* _Problem to solve_
Only the lines from the first line of the material below to the line containing "destruct (greatest_witness col", inclusive, should be copied, each exactly as written.

▼▼▼

Lemma column_ends c : (exists j, F c j = true) ->
  exists j1 j2, j1 <> j2 /\ j1 <= N /\ j2 <= N /\
    F c j1 = false /\ F c (S j1) = true /\ F c j2 = true /\ F c (S j2) = false.
Proof.
  intro hc.
  destruct (least_witness (F c) hc) as [ja [ha1 ha2]].
  destruct (greatest_witness (F c) N hc (F_rowN c)) as [jb [hb1 hb2]].
  assert (ja <> 0) by (intros ->; rewrite F_row0 in ha1; discriminate).
  assert (ja <= jb) by (destruct (le_lt_dec ja jb); auto; rewrite hb2 in ha1; [discriminate|lia]).
  assert (jb <= N) by (destruct (le_lt_dec jb N); auto; rewrite F_rowN in hb1; [discriminate|lia]).
  exists (pred ja), jb. repeat split; try lia.
  - apply ha2; lia.
  - replace (S (pred ja)) with ja by lia; auto.
  - auto.
  - apply hb2; lia.
Qed.

(* The leftmost and the rightmost nonempty columns each carry two convex vertices. *)
Lemma four_le_n_convex : 4 <= n_convex.
Proof.
  set (col := fun c => existsb (fun j => F c j) (seq 0 (S N))).
  assert (colP : forall c, col c = true <-> exists j, F c j = true).
  { intro c. unfold col. rewrite existsb_exists. split; [intros [j [_ h]]; eauto|].
    intros [j h]. exists j; split; auto. apply in_seq.
    destruct (le_lt_dec j N); [lia|]. rewrite F_rowN in h; [discriminate|lia]. }
  assert (col_out : forall k, K < k -> col k = false).
  { intros k hk. destruct (col k) eqn:E; auto. apply colP in E as [j E].
    rewrite F_colK in E; [discriminate|lia]. }
  assert (hex : exists c, col c = true) by (destruct F_nonempty as [c0 [j0 h0]]; exists c0; apply colP; eauto).
  destruct (least_witness col hex) as [cm [hm1 hm2]].
  destruct (greatest_witness col K hex col_out) as [cM [hM1 hM2]].
  assert (cm <> 0) by (intros ->; apply colP in hm1 as [j hj]; rewrite F_col0 in hj; discriminate).
  assert (cm <= cM) by (destruct (le_lt_dec cm cM); auto; rewrite hM2 in hm1; [discriminate|lia]).
  assert (cM <= K) by (destruct (le_lt_dec cM K); auto; rewrite col_out in hM1; [discriminate|lia]).
  assert (hm0 : forall j, F (pred cm) j = false).
  { intro j. destruct (F (pred cm) j) eqn:E; auto.
    pose proof (proj2 (colP (pred cm)) (ex_intro _ j E)) as h.
    rewrite hm2 in h; [discriminate|lia]. }
  assert (hM0 : forall j, F (S cM) j = false).
  { intro j. destruct (F (S cM) j) eqn:E; auto.
    pose proof (proj2 (colP (S cM)) (ex_intro _ j E)) as h.
    rewrite hM2 in h; [discriminate|lia]. }
  apply colP in hm1, hM1.
  destruct (column_ends cm hm1) as [a1 [a2 [ha [ha1 [ha2 [ha3 [ha4 [ha5 ha6]]]]]]]].
  destruct (column_ends cM hM1) as [b1 [b2 [hb [hb1 [hb2 [hb3 [hb4 [hb5 hb6]]]]]]]].
  unfold n_convex.
  assert (left2 : 2 <= nsum (S N) (fun j => Nat.b2n (convex_vertex (pred cm) j))).
  { eapply Nat.le_trans; [|apply (nsum_ge2 _ _ a1 a2); lia].
    unfold convex_vertex, vertex_count. replace (S (pred cm)) with cm by lia.
    rewrite !hm0, ha3, ha4, ha5, ha6. simpl. lia. }
  assert (right2 : 2 <= nsum (S N) (fun j => Nat.b2n (convex_vertex cM j))).
  { eapply Nat.le_trans; [|apply (nsum_ge2 _ _ b1 b2); lia].
    unfold convex_vertex, vertex_count. rewrite !hM0, hb3, hb4, hb5, hb6. simpl. lia. }
  eapply Nat.le_trans; [|apply (nsum_ge2 _ _ (pred cm) cM); lia]. lia.
Qed.

Theorem pieces_bound : 4 * length pieces + 8 <= 3 * (n_convex + n_reflex).
Proof. pose proof four_pieces_le; pose proof four_le_n_convex; lia. Qed.

End Pieces.

(** * Local shapes of an orthogonal region *)

Open Scope R_scope.

Lemma Rabs_lt_iff x e : Rabs x < e <-> -e < x < e.
Proof. split; intro H; [destruct (Rabs_def2 _ _ H); lra | apply Rabs_def1; lra]. Qed.

Lemma Rabs_le_iff x e : Rabs x <= e <-> -e <= x <= e.
Proof. unfold Rabs; destruct (Rcase_abs x); split; intros; lra. Qed.

Ltac rabs := repeat match goal with
  | H : Rabs _ < _ |- _ => apply Rabs_lt_iff in H
  | H : Rabs _ <= _ |- _ => apply Rabs_le_iff in H
  | |- Rabs _ < _ => apply Rabs_lt_iff
  | |- Rabs _ <= _ => apply Rabs_le_iff
  end.

Inductive shape :=
  | ShFull | ShEmpty | ShHalfX (s : bool) | ShHalfY (s : bool)
  | ShQuadrant (s t : bool) | ShThreeQuad (s t : bool).

Definition shape_pred (m : shape) : R -> R -> Prop :=
  match m with
  | ShFull => model_full | ShEmpty => model_empty
  | ShHalfX s => model_halfx s | ShHalfY s => model_halfy s
  | ShQuadrant s t => model_quadrant s t | ShThreeQuad s t => model_threequad s t
  end.

Definition corner_shape (m : shape) : Prop :=
  exists s t, m = ShQuadrant s t \/ m = ShThreeQuad s t.

Definition signed (s : bool) (d : R) : R := if s then d else - d.

Definition shape_quadrant (m : shape) (sx sy : bool) : bool :=
  match m with
  | ShFull => true | ShEmpty => false
  | ShHalfX s => Bool.eqb sx s | ShHalfY s => Bool.eqb sy s
  | ShQuadrant s t => Bool.eqb sx s && Bool.eqb sy t
  | ShThreeQuad s t => negb (Bool.eqb sx s && Bool.eqb sy t)
  end.

Ltac unfold_models :=
  unfold model_full, model_empty, model_halfx, model_halfy, model_quadrant, model_threequad in *.

Lemma shape_quadrantP m sx sy d : 0 < d ->
  (shape_pred m (signed sx d) (signed sy d) <-> shape_quadrant m sx sy = true).
Proof.
  intro hd. destruct m; simpl; unfold_models;
    try destruct s; try destruct t; destruct sx, sy; simpl; split; intros; try tauto; try lra;
    try discriminate; try (destruct H; lra); try (exfalso; apply H; lra); try (intros [? ?]; lra).
Qed.

Lemma signed_small s d e : 0 < d < e -> Rabs (signed s d) < e.
Proof. intros. destruct s; simpl; rabs; lra. Qed.

Lemma shape_pred_origin m : m <> ShEmpty -> shape_pred m 0 0.
Proof.
  destruct m; simpl; unfold_models; intros; try destruct s; try destruct t;
    try congruence; try lra; auto.
Qed.

Lemma shape_quadrant_in m : m <> ShEmpty -> exists sx sy, shape_quadrant m sx sy = true.
Proof.
  intro h. destruct m; try congruence.
  - exists true, true; reflexivity.
  - exists s, true; apply Bool.eqb_reflx.
  - exists true, s; apply Bool.eqb_reflx.
  - exists s, t; simpl; rewrite !Bool.eqb_reflx; reflexivity.
  - exists s, (negb t); simpl; rewrite Bool.eqb_reflx; destruct t; reflexivity.
Qed.

Lemma shape_quadrant_out m : m <> ShFull -> exists sx sy, shape_quadrant m sx sy = false.
Proof.
  intro h. destruct m; try congruence.
  - exists true, true; reflexivity.
  - exists (negb s), true; destruct s; reflexivity.
  - exists true, (negb s); destruct s; reflexivity.
  - exists (negb s), t; destruct s; reflexivity.
  - exists s, t; simpl; rewrite !Bool.eqb_reflx; reflexivity.
Qed.

Lemma corner_shape_flips m : corner_shape m ->
  (exists sx sy, shape_quadrant m sx sy <> shape_quadrant m (negb sx) sy) /\
  (exists sx sy, shape_quadrant m sx sy <> shape_quadrant m sx (negb sy)).
Proof.
  intros [s [t [-> | ->]]]; split; exists s, t; destruct s, t; discriminate.
Qed.

Definition along_edge (m : shape) (a b : R) : Prop :=
  (a = 0 /\ (b = 1 \/ b = -1) /\ exists s, m = ShHalfX s) \/
  (b = 0 /\ (a = 1 \/ a = -1) /\ exists s, m = ShHalfY s).

Lemma along_edge_bounded m a b : along_edge m a b -> Rabs a <= 1 /\ Rabs b <= 1.
Proof. intros [[-> [[-> | ->] _]] | [-> [[-> | ->] _]]]; split; rabs; lra. Qed.

Lemma along_edge_translate m a b t u v : along_edge m a b ->
  (shape_pred m (u + a * t) (v + b * t) <-> shape_pred m u v).
Proof.
  intros [[-> [_ [s ->]]] | [-> [_ [s ->]]]]; simpl; rewrite Rmult_0_l, Rplus_0_r; reflexivity.
Qed.

Lemma along_edge_rigid m0 m a b t e : along_edge m0 a b -> 0 < e ->
  (forall u v, Rabs u < e -> Rabs v < e -> (shape_pred m0 u v <-> shape_pred m (u + a * t) (v + b * t))) ->
  m = m0 \/ corner_shape m.
Proof.
  intros hedge he H.
  assert (h1 : Rabs (e/2) < e) by (rabs; lra).
  assert (h2 : Rabs (-(e/2)) < e) by (rabs; lra).
  assert (h0 : Rabs 0 < e) by (rewrite Rabs_R0; lra).
  destruct hedge as [[-> [_ [s ->]]] | [-> [_ [s ->]]]].
  - pose proof (H _ _ h1 h0) as H1; pose proof (H _ _ h2 h0) as H2.
    rewrite Rmult_0_l, Rplus_0_r in H1, H2.
    destruct m; simpl in *; unfold_models; try (right; eexists; eexists; eauto; fail);
      destruct s; try destruct s0; simpl in *; try (left; reflexivity); exfalso;
      try tauto; destruct H1, H2; lra.
  - pose proof (H _ _ h0 h1) as H1; pose proof (H _ _ h0 h2) as H2.
    rewrite Rmult_0_l, Rplus_0_r in H1, H2.
    destruct m; simpl in *; unfold_models; try (right; eexists; eexists; eauto; fail);
      destruct s; try destruct s0; simpl in *; try (left; reflexivity); exfalso;
      try tauto; destruct H1, H2; lra.
Qed.

Definition like_within (P : point -> Prop) (p : point) (M : R -> R -> Prop) (eps : R) : Prop :=
  0 < eps /\ forall q : point, Rabs (fst q - fst p) < eps -> Rabs (snd q - snd p) < eps ->
    (P q <-> M (fst q - fst p) (snd q - snd p)).

Definition locally_modelled (P : point -> Prop) : Prop :=
  forall p, exists m, locally_like P p (shape_pred m).

Definition ray (p : point) (a b t : R) : point := (fst p + a * t, snd p + b * t).

Lemma ray_close p a b t T e : Rabs a <= 1 -> Rabs b <= 1 -> Rabs (t - T) < e ->
  Rabs (fst (ray p a b t) - fst (ray p a b T)) < e /\ Rabs (snd (ray p a b t) - snd (ray p a b T)) < e.
Proof.
  intros ha hb ht. unfold ray; simpl.
  replace (fst p + a * t - (fst p + a * T)) with (a * (t - T)) by ring.
  replace (snd p + b * t - (snd p + b * T)) with (b * (t - T)) by ring.
  rewrite !Rabs_mult. pose proof (Rabs_pos (t - T)). split; nra.
Qed.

▲▲▲

* _Answer to the exercise_
Lemma column_ends c : (exists j, F c j = true) ->
  exists j1 j2, j1 <> j2 /\ j1 <= N /\ j2 <= N /\
    F c j1 = false /\ F c (S j1) = true /\ F c j2 = true /\ F c (S j2) = false.
Proof.
  intro hc.
  destruct (least_witness (F c) hc) as [ja [ha1 ha2]].
  destruct (greatest_witness (F c) N hc (F_rowN c)) as [jb [hb1 hb2]].
  assert (ja <> 0) by (intros ->; rewrite F_row0 in ha1; discriminate).
  assert (ja <= jb) by (destruct (le_lt_dec ja jb); auto; rewrite hb2 in ha1; [discriminate|lia]).
  assert (jb <= N) by (destruct (le_lt_dec jb N); auto; rewrite F_rowN in hb1; [discriminate|lia]).
  exists (pred ja), jb. repeat split; try lia.
  - apply ha2; lia.
  - replace (S (pred ja)) with ja by lia; auto.
  - auto.
  - apply hb2; lia.
Qed.

(* The leftmost and the rightmost nonempty columns each carry two convex vertices. *)
Lemma four_le_n_convex : 4 <= n_convex.
Proof.
  set (col := fun c => existsb (fun j => F c j) (seq 0 (S N))).
  assert (colP : forall c, col c = true <-> exists j, F c j = true).
  { intro c. unfold col. rewrite existsb_exists. split; [intros [j [_ h]]; eauto|].
    intros [j h]. exists j; split; auto. apply in_seq.
    destruct (le_lt_dec j N); [lia|]. rewrite F_rowN in h; [discriminate|lia]. }
  assert (col_out : forall k, K < k -> col k = false).
  { intros k hk. destruct (col k) eqn:E; auto. apply colP in E as [j E].
    rewrite F_colK in E; [discriminate|lia]. }
  assert (hex : exists c, col c = true) by (destruct F_nonempty as [c0 [j0 h0]]; exists c0; apply colP; eauto).
  destruct (least_witness col hex) as [cm [hm1 hm2]].
  destruct (greatest_witness col K hex col_out) as [cM [hM1 hM2]].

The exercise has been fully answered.